Task to complete >>
Your output should be the line with "phi^0_i : i" plus all following lines to the end of the records, exactly as written and nothing more.

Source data
(* Every absorbing hierarchical generator $\mathcal{H}$ is linearly independent (as a set of functions on $\mathbb{R}^d$).
   Context: Fix integers $d\ge1$, $n\ge2$, $m\ge2$; $s=n-1$, $p=m-1$. B-splines $\varphi^\ell_{\vec i}(\vec x)=\prod_kQ(n^\ell x_k-i_k)$ on $\mathbb{R}^d$ for $\ell\ge0$, $\vec i\in\mathbb{Z}^d$, $Q$ the uniform B-spline of order $m$ with knots $0,\dots,m$; $\mathfrak{B}$ the set of all of them; $\mathcal{B}^0=\{\varphi^0_{\vec i}:\vec i\in[-p:0]^d\}$. Children $\mathrm{ch}(\varphi^\ell_{\vec i})=\{\varphi^{\ell+1}_{\vec k}:n\vec i\le\vec k\le n\vec i+sm\}$, extended to sets by union. Cells $I^\ell_{\vec i}=\prod_k[i_kn^{-\ell},(i_k+1)n^{-\ell})$; cell support $\mathbb{I}(\varphi^\ell_{\vec i})=\{I^\ell_{\vec k}:\vec i\le\vec k\le\vec i+p\}$ (componentwise), extended to sets by union. A lineage is a finite $\mathcal{L}\subset\mathfrak{B}$ with $\mathcal{L}\subset\mathcal{B}^0\cup\mathrm{ch}(\mathcal{L})$; its hierarchical generator is $\mathcal{H}=(\mathcal{B}^0\cup\mathrm{ch}(\mathcal{L}))\setminus\mathcal{L}$. $\mathcal{H}$ is absorbing if there is no $\varphi\in\mathcal{H}$ with $\mathbb{I}(\varphi)\subset\mathbb{I}(\mathcal{L})$. *)

From Stdlib Require Import Reals ZArith List Lia Lra.
Import ListNotations.
Open Scope R_scope.

(* Uniform (cardinal) B-spline of order k with knots 0,1,...,k:
   order 1: indicator of [0,1);
   order k+1: ((x) B_k(x) + (k+1-x) B_k(x-1)) / k   (Cox--de Boor recursion). *)
Definition ind01 (x : R) : R :=
  if Rle_dec 0 x then (if Rlt_dec x 1 then 1 else 0) else 0.

Fixpoint cbspl (k : nat) (x : R) : R :=
  match k with
  | O => 0
  | S k' =>
      match k' with
      | O => ind01 x
      | S _ => (x * cbspl k' x + (INR k - x) * cbspl k' (x - 1)) / INR k'
      end
  end.

(* A B-spline phi^l_i is represented by its level l and multi-index i in Z^d
   (a list of length d).  The map (l,i) |-> phi^l_i is injective, so sets of
   B-splines are faithfully represented by sets of such indices. *)
Record bspl := mkB { lev : nat; idx : list Z }.

(* Evaluation: phi^l_i(x) = prod_k Q(n^l x_k - i_k), Q = cbspl m.
   Points of R^d are x : nat -> R, only coordinates 0..d-1 are used. *)
Fixpoint prod_coords (m n l : nat) (x : nat -> R) (i : list Z) (j : nat) : R :=
  match i with
  | [] => 1
  | ik :: i' => cbspl m (INR n ^ l * x j - IZR ik) * prod_coords m n l x i' (S j)
  end.

Definition beval (m n : nat) (phi : bspl) (x : nat -> R) : R :=
  prod_coords m n (lev phi) x (idx phi) 0.

Definition in_box (lo : list Z) (off : Z) (k : list Z) : Prop :=
  length k = length lo /\
  forall j, (j < length lo)%nat ->
    (nth j lo 0 <= nth j k 0 <= nth j lo 0 + off)%Z.

(* B^0 = { phi^0_i : i in [-p:0]^d },  p = m-1 *)
Definition inB0 (d m : nat) (phi : bspl) : Prop :=
  lev phi = O /\ in_box (repeat (- (Z.of_nat m - 1))%Z d) (Z.of_nat m - 1)%Z (idx phi).

(* child relation: phi^{l+1}_k in ch(phi^l_i)  iff  n i <= k <= n i + s m, s = n-1 *)
Definition is_child (n m : nat) (par ch : bspl) : Prop :=
  lev ch = S (lev par) /\
  in_box (map (Z.mul (Z.of_nat n)) (idx par))
         ((Z.of_nat n - 1) * Z.of_nat m)%Z (idx ch).

(* lineage: finite L (a list) of B-splines on R^d with L subset B^0 u ch(L) *)
Definition lineage (d n m : nat) (L : list bspl) : Prop :=
  (forall phi, In phi L -> length (idx phi) = d) /\
  (forall phi, In phi L -> inB0 d m phi \/ exists psi, In psi L /\ is_child n m psi phi).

Answer space >>
(* B^0 = { phi^0_i : i in [-p:0]^d },  p = m-1 *)
Definition inB0 (d m : nat) (phi : bspl) : Prop :=
  lev phi = O /\ in_box (repeat (- (Z.of_nat m - 1))%Z d) (Z.of_nat m - 1)%Z (idx phi).

(* child relation: phi^{l+1}_k in ch(phi^l_i)  iff  n i <= k <= n i + s m, s = n-1 *)
Definition is_child (n m : nat) (par ch : bspl) : Prop :=
  lev ch = S (lev par) /\
  in_box (map (Z.mul (Z.of_nat n)) (idx par))
         ((Z.of_nat n - 1) * Z.of_nat m)%Z (idx ch).

(* lineage: finite L (a list) of B-splines on R^d with L subset B^0 u ch(L) *)
Definition lineage (d n m : nat) (L : list bspl) : Prop :=
  (forall phi, In phi L -> length (idx phi) = d) /\
  (forall phi, In phi L -> inB0 d m phi \/ exists psi, In psi L /\ is_child n m psi phi).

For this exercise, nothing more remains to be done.